(DATA FOR THIS EXERCISE begins)

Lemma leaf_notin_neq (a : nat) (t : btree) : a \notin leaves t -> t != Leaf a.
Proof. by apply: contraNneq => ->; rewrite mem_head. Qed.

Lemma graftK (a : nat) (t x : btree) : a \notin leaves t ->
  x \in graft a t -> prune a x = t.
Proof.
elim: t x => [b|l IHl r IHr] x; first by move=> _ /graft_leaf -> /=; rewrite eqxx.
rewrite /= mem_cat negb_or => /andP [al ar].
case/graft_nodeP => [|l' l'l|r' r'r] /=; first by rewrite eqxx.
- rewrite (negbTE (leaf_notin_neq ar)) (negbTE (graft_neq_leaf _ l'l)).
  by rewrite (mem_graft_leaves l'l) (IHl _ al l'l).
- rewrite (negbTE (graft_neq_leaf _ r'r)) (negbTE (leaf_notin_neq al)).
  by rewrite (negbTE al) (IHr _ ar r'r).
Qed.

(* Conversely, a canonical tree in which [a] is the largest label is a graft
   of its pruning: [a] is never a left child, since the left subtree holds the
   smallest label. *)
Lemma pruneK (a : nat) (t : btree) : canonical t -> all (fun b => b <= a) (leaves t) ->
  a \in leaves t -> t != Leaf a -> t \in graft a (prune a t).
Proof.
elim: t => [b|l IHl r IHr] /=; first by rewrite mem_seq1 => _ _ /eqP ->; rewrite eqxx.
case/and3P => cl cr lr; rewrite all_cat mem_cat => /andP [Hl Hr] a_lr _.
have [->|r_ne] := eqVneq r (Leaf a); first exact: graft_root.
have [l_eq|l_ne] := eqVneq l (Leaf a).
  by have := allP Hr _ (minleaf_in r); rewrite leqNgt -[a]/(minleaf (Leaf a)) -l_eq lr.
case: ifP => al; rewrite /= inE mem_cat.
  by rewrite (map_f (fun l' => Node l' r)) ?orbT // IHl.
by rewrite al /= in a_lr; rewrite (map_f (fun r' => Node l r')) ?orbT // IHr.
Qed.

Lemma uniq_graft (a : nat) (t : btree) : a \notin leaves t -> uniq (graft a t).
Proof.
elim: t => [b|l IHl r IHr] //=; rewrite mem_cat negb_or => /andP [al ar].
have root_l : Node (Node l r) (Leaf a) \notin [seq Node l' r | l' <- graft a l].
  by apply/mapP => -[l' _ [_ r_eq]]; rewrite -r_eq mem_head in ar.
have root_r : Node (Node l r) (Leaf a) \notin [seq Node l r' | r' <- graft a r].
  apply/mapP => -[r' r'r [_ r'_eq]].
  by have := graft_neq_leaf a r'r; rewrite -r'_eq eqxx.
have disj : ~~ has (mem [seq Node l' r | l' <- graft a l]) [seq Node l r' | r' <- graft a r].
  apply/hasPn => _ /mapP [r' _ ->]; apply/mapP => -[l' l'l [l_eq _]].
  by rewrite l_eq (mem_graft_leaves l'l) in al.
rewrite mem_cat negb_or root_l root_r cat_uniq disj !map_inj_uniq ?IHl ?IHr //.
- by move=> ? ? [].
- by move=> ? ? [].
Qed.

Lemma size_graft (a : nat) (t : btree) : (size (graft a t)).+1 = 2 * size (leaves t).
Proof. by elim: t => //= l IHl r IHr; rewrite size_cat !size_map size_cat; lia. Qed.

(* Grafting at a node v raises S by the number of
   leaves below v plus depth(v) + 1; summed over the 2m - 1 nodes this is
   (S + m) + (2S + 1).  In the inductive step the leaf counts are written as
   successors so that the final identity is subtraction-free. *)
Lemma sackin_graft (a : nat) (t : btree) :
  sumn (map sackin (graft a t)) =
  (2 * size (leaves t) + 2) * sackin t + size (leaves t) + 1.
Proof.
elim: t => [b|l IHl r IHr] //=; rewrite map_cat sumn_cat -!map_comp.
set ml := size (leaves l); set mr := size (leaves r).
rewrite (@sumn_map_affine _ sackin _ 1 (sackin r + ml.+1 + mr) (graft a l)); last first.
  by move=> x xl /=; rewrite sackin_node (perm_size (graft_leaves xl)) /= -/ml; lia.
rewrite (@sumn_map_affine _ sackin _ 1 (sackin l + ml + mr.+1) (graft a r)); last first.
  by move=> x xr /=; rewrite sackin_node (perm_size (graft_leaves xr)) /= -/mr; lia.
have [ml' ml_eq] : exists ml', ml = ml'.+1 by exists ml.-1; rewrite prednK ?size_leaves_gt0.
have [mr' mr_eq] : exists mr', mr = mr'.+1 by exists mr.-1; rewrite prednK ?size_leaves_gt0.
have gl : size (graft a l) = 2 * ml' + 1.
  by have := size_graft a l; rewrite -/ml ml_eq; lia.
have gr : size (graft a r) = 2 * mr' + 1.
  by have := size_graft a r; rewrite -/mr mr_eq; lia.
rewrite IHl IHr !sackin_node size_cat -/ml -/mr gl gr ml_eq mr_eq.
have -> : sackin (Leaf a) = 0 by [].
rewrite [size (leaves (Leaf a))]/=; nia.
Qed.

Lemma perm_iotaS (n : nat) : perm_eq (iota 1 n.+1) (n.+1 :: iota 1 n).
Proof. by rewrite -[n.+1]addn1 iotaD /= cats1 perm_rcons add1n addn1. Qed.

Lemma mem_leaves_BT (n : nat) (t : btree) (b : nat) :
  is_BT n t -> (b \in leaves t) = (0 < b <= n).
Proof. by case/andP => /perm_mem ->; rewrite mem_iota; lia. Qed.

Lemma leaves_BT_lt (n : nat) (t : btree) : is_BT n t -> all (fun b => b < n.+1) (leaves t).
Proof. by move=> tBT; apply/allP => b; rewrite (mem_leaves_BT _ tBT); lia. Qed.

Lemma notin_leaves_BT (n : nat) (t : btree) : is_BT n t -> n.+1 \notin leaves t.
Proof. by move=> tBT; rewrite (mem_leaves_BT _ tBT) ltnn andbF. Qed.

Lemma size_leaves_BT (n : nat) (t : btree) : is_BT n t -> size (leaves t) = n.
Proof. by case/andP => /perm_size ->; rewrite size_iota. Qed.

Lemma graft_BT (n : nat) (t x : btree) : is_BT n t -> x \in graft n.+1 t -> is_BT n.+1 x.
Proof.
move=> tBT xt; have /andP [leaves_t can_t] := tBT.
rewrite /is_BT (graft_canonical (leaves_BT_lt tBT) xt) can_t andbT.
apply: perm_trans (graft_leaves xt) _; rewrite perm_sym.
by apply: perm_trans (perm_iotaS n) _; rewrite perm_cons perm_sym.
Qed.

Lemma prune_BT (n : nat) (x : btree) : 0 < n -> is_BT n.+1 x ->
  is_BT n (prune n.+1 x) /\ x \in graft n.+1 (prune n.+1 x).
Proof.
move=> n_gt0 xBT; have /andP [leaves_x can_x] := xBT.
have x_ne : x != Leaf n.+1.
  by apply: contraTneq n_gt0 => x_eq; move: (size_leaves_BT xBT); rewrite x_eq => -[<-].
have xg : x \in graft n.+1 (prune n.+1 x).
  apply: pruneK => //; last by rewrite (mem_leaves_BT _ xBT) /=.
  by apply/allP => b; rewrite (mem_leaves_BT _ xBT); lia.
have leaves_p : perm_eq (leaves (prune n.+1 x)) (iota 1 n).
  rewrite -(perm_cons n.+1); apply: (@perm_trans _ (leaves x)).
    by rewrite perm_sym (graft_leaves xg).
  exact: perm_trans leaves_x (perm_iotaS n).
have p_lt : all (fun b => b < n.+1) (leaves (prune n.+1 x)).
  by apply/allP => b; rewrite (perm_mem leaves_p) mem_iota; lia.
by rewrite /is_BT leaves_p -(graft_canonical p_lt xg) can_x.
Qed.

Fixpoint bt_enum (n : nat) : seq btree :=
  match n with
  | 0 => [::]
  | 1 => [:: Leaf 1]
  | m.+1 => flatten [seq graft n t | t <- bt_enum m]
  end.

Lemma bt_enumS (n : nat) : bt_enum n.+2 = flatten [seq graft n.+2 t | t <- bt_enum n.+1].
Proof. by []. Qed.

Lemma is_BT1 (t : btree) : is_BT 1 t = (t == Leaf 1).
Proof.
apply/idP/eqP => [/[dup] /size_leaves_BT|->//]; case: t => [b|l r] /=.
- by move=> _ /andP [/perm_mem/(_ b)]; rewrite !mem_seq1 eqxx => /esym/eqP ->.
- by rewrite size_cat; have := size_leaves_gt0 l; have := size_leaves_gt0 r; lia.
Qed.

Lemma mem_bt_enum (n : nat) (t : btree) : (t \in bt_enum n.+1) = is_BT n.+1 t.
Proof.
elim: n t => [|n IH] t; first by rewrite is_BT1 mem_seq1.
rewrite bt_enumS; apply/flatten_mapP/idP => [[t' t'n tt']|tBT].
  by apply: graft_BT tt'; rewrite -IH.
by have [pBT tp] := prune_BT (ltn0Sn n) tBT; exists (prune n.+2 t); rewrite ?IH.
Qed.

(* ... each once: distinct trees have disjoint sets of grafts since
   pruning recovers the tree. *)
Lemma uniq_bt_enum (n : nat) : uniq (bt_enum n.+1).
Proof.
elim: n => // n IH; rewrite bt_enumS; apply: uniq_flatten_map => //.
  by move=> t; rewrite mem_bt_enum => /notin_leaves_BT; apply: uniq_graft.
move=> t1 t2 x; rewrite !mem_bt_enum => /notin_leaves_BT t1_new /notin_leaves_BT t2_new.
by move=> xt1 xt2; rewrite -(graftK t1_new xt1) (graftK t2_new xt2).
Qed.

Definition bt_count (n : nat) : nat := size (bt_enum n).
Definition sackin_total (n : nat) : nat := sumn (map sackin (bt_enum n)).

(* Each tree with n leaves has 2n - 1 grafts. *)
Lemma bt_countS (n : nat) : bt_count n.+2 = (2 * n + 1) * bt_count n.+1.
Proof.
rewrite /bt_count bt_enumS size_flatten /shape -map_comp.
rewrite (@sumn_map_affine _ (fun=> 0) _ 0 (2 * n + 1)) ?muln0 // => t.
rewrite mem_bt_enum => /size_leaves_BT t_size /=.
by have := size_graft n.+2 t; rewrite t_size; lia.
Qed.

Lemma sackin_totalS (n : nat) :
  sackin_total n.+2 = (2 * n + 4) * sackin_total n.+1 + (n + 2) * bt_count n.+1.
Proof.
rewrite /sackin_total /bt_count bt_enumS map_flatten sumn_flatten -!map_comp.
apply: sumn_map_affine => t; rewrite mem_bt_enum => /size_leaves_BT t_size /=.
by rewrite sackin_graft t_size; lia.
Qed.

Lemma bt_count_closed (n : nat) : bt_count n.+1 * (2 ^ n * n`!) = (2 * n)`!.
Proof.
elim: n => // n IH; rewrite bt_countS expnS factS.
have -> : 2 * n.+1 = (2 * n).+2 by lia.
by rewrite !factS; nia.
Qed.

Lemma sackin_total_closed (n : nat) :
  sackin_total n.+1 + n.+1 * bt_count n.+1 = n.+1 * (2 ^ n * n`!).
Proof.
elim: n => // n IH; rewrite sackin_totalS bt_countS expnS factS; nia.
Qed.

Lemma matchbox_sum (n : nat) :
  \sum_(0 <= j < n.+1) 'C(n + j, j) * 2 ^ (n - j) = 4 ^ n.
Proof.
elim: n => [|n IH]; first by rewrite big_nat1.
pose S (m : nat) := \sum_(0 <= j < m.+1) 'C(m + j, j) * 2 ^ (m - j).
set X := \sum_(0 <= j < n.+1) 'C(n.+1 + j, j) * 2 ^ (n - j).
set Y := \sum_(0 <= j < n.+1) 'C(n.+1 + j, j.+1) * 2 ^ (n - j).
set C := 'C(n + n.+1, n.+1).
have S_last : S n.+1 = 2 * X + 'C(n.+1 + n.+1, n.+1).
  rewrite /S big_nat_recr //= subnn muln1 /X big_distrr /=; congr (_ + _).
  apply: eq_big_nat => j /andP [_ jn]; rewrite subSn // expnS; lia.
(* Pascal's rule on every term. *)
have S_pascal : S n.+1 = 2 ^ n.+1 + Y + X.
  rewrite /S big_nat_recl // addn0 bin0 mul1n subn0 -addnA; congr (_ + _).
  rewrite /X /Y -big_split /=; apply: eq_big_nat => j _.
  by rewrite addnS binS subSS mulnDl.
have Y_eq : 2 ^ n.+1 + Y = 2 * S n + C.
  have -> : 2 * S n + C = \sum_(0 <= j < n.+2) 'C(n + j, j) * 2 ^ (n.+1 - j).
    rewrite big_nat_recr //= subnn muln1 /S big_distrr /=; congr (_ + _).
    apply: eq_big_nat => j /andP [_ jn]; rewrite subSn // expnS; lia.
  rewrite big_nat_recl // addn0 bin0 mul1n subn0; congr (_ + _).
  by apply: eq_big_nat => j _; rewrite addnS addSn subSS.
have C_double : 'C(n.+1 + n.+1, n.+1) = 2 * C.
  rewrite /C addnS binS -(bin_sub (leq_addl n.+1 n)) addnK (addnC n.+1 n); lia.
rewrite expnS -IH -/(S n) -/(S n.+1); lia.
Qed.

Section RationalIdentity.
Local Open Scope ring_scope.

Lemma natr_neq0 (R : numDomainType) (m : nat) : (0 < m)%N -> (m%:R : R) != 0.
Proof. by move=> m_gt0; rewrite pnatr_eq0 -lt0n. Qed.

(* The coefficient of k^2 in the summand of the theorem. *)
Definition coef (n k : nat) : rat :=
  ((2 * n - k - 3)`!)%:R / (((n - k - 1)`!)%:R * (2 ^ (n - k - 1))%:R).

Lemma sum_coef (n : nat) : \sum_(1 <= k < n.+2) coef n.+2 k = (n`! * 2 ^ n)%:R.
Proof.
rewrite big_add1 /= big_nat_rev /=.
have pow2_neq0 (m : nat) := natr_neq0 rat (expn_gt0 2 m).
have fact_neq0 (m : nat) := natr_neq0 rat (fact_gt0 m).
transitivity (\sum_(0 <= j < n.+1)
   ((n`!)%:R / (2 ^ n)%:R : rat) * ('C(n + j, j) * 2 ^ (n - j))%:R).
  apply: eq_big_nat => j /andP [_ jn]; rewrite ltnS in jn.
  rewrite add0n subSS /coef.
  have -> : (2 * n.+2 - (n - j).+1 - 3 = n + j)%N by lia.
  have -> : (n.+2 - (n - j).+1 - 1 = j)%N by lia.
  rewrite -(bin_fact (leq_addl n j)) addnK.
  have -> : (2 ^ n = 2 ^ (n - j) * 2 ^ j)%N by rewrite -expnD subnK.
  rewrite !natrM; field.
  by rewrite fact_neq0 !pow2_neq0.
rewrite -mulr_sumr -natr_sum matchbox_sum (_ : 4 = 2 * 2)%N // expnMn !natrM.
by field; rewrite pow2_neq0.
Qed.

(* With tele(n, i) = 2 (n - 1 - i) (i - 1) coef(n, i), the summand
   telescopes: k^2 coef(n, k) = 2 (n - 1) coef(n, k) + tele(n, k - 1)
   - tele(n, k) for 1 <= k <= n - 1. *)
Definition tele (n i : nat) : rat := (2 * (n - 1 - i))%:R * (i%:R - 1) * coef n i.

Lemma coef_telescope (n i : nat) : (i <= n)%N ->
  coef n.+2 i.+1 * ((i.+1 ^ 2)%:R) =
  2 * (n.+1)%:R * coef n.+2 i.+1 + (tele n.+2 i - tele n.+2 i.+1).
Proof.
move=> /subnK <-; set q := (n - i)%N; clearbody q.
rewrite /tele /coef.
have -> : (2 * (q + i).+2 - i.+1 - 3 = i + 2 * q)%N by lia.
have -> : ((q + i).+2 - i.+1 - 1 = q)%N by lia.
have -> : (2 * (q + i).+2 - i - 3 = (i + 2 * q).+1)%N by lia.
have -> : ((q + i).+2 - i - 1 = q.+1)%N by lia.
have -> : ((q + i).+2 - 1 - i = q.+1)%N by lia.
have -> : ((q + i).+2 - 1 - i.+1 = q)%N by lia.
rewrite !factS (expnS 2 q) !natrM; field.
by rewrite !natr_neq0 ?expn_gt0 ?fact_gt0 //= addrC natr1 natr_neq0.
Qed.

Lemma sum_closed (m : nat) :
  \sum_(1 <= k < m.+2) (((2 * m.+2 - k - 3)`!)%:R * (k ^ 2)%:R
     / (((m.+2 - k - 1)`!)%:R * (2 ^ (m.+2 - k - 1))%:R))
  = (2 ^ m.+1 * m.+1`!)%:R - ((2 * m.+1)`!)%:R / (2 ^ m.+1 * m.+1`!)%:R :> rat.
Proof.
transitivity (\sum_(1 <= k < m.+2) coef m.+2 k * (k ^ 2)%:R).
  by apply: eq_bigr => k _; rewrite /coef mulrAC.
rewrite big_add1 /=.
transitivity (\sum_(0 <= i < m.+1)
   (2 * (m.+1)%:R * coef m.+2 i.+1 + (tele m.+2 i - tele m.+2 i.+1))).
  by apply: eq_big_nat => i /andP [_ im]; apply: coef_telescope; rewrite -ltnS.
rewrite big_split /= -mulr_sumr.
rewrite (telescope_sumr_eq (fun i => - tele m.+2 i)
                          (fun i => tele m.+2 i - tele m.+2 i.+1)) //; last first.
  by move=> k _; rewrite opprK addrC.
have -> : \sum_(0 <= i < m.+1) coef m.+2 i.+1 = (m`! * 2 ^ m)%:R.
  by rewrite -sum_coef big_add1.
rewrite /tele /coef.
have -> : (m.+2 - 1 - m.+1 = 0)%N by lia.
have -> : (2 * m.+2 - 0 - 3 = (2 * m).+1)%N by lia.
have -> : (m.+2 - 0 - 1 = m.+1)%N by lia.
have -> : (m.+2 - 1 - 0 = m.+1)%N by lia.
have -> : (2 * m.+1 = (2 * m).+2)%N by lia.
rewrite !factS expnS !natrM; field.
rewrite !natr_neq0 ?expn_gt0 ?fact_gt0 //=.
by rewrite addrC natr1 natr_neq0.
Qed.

(DATA FOR THIS EXERCISE ends)
(DATA FOR THIS EXERCISE begins)

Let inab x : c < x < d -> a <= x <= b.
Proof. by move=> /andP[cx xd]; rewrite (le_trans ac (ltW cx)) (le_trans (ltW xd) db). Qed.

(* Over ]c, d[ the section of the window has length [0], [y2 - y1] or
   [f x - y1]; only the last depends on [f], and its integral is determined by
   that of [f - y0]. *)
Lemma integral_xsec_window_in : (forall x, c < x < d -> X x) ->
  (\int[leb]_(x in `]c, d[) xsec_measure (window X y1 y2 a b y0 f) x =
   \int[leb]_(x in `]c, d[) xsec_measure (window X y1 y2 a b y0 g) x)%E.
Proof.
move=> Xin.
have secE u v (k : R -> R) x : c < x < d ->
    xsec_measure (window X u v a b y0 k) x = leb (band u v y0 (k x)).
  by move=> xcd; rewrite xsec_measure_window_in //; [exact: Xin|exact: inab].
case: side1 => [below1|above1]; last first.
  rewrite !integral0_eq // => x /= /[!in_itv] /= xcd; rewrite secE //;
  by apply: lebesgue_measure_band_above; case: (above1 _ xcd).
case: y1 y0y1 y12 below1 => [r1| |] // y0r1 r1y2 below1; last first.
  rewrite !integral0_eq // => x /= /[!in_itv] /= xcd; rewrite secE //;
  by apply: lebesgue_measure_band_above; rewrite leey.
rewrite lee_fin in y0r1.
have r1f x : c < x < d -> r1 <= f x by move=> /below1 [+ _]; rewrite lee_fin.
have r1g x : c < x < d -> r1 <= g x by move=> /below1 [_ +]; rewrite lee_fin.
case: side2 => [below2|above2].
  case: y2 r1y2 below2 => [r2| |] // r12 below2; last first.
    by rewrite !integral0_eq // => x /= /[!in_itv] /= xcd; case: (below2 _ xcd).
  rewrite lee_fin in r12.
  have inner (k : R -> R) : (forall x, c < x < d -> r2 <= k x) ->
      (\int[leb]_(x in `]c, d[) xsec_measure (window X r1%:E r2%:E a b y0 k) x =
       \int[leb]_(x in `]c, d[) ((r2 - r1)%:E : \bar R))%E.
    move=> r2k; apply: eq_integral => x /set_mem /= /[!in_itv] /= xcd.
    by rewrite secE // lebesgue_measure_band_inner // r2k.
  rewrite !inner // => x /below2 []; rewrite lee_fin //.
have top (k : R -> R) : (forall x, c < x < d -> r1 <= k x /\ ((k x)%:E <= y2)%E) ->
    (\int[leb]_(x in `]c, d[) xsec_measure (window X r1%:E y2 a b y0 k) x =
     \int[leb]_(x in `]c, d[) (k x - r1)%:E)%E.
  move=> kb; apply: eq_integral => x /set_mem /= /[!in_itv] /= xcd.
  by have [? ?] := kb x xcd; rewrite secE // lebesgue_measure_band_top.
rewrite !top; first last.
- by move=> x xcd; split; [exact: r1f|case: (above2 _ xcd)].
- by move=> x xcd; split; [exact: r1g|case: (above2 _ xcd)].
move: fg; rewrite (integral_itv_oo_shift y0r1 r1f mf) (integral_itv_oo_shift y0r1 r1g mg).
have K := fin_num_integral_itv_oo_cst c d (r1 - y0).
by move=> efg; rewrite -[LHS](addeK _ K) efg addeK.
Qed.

(DATA FOR THIS EXERCISE ends)

> TASK ITEM:
Look above for the line with "Definition sackin_total (n"; retype exactly that line, every line after it up to the line with "have Y_eq : 2 ^ n.+1 + Y = 2 * S n + C.", and that line too, nothing else.

> WRITTEN RESPONSE:
Definition sackin_total (n : nat) : nat := sumn (map sackin (bt_enum n)).

(* Each tree with n leaves has 2n - 1 grafts. *)
Lemma bt_countS (n : nat) : bt_count n.+2 = (2 * n + 1) * bt_count n.+1.
Proof.
rewrite /bt_count bt_enumS size_flatten /shape -map_comp.
rewrite (@sumn_map_affine _ (fun=> 0) _ 0 (2 * n + 1)) ?muln0 // => t.
rewrite mem_bt_enum => /size_leaves_BT t_size /=.
by have := size_graft n.+2 t; rewrite t_size; lia.
Qed.

Lemma sackin_totalS (n : nat) :
  sackin_total n.+2 = (2 * n + 4) * sackin_total n.+1 + (n + 2) * bt_count n.+1.
Proof.
rewrite /sackin_total /bt_count bt_enumS map_flatten sumn_flatten -!map_comp.
apply: sumn_map_affine => t; rewrite mem_bt_enum => /size_leaves_BT t_size /=.
by rewrite sackin_graft t_size; lia.
Qed.

Lemma bt_count_closed (n : nat) : bt_count n.+1 * (2 ^ n * n`!) = (2 * n)`!.
Proof.
elim: n => // n IH; rewrite bt_countS expnS factS.
have -> : 2 * n.+1 = (2 * n).+2 by lia.
by rewrite !factS; nia.
Qed.

Lemma sackin_total_closed (n : nat) :
  sackin_total n.+1 + n.+1 * bt_count n.+1 = n.+1 * (2 ^ n * n`!).
Proof.
elim: n => // n IH; rewrite sackin_totalS bt_countS expnS factS; nia.
Qed.

Lemma matchbox_sum (n : nat) :
  \sum_(0 <= j < n.+1) 'C(n + j, j) * 2 ^ (n - j) = 4 ^ n.
Proof.
elim: n => [|n IH]; first by rewrite big_nat1.
pose S (m : nat) := \sum_(0 <= j < m.+1) 'C(m + j, j) * 2 ^ (m - j).
set X := \sum_(0 <= j < n.+1) 'C(n.+1 + j, j) * 2 ^ (n - j).
set Y := \sum_(0 <= j < n.+1) 'C(n.+1 + j, j.+1) * 2 ^ (n - j).
set C := 'C(n + n.+1, n.+1).
have S_last : S n.+1 = 2 * X + 'C(n.+1 + n.+1, n.+1).
  rewrite /S big_nat_recr //= subnn muln1 /X big_distrr /=; congr (_ + _).
  apply: eq_big_nat => j /andP [_ jn]; rewrite subSn // expnS; lia.
(* Pascal's rule on every term. *)
have S_pascal : S n.+1 = 2 ^ n.+1 + Y + X.
  rewrite /S big_nat_recl // addn0 bin0 mul1n subn0 -addnA; congr (_ + _).
  rewrite /X /Y -big_split /=; apply: eq_big_nat => j _.
  by rewrite addnS binS subSS mulnDl.
have Y_eq : 2 ^ n.+1 + Y = 2 * S n + C.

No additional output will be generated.